Directions
Read the entries below and pull out each line with the string "forall".

----- Dataset content

Lemma invariant_rel_newton_simul : ~ trivial_rel r ->
  (connected_classes r \/ invariant_under (@conf_galilei R) r) ->
  forall x y, r x y <-> newton_simul x y.
Proof.
move=> r_nontriv conn_or_conf.
have all_spatial := spatial_total (kernel_nonzero r_nontriv).
have timeless v : r 0 v -> time v = 0.
  move=> v0; have [//|t_neq0] := eqVneq (time v) 0.
  exfalso; apply: r_nontriv; left.
  have time_v0 := temporal_time all_spatial v0.
  apply: (r_total_of_temporal all_spatial).
  case: conn_or_conf => [conn | conf].
  - exact: (temporal_total_of_connected all_spatial conn t_neq0 time_v0).
  - exact: (temporal_total_of_conf_galilei conf t_neq0 time_v0).
move=> x y; rewrite r_kernelE; split.
  by move/timeless; rewrite /time !mxE => /eqP; rewrite subr_eq0 => /eqP.
rewrite /newton_simul => xy; rewrite [y - x]eventE.
have -> : time (y - x) = 0 by rewrite /time !mxE xy subrr.
exact: all_spatial.
Qed.

End InvariantRelation.

Theorem proposition3p7 (R : realType) :
  (is_equivalence (@newton_simul R) /\
   invariant_under (@galilei R) (@newton_simul R) /\
   ~ trivial_rel (@newton_simul R) /\
   connected_classes (@newton_simul R) /\
   invariant_under (@conf_galilei R) (@newton_simul R)) /\
  (forall r : 'cV[R]_4 -> 'cV[R]_4 -> Prop,
     is_equivalence r ->
     invariant_under (@galilei R) r ->
     ~ trivial_rel r ->
     (connected_classes r \/ invariant_under (@conf_galilei R) r) ->
     forall x y, r x y <-> newton_simul x y).
Proof.
split; last exact: invariant_rel_newton_simul.
split; first exact: newton_simul_equivalence.
split; first exact: newton_simul_galilei.
split; first exact: newton_simul_nontrivial.
split; [exact: newton_simul_connected | exact: newton_simul_conf_galilei].
Qed.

----------

Solution to this exercise
  forall x y, r x y <-> newton_simul x y.
  (forall r : 'cV[R]_4 -> 'cV[R]_4 -> Prop,
     forall x y, r x y <-> newton_simul x y).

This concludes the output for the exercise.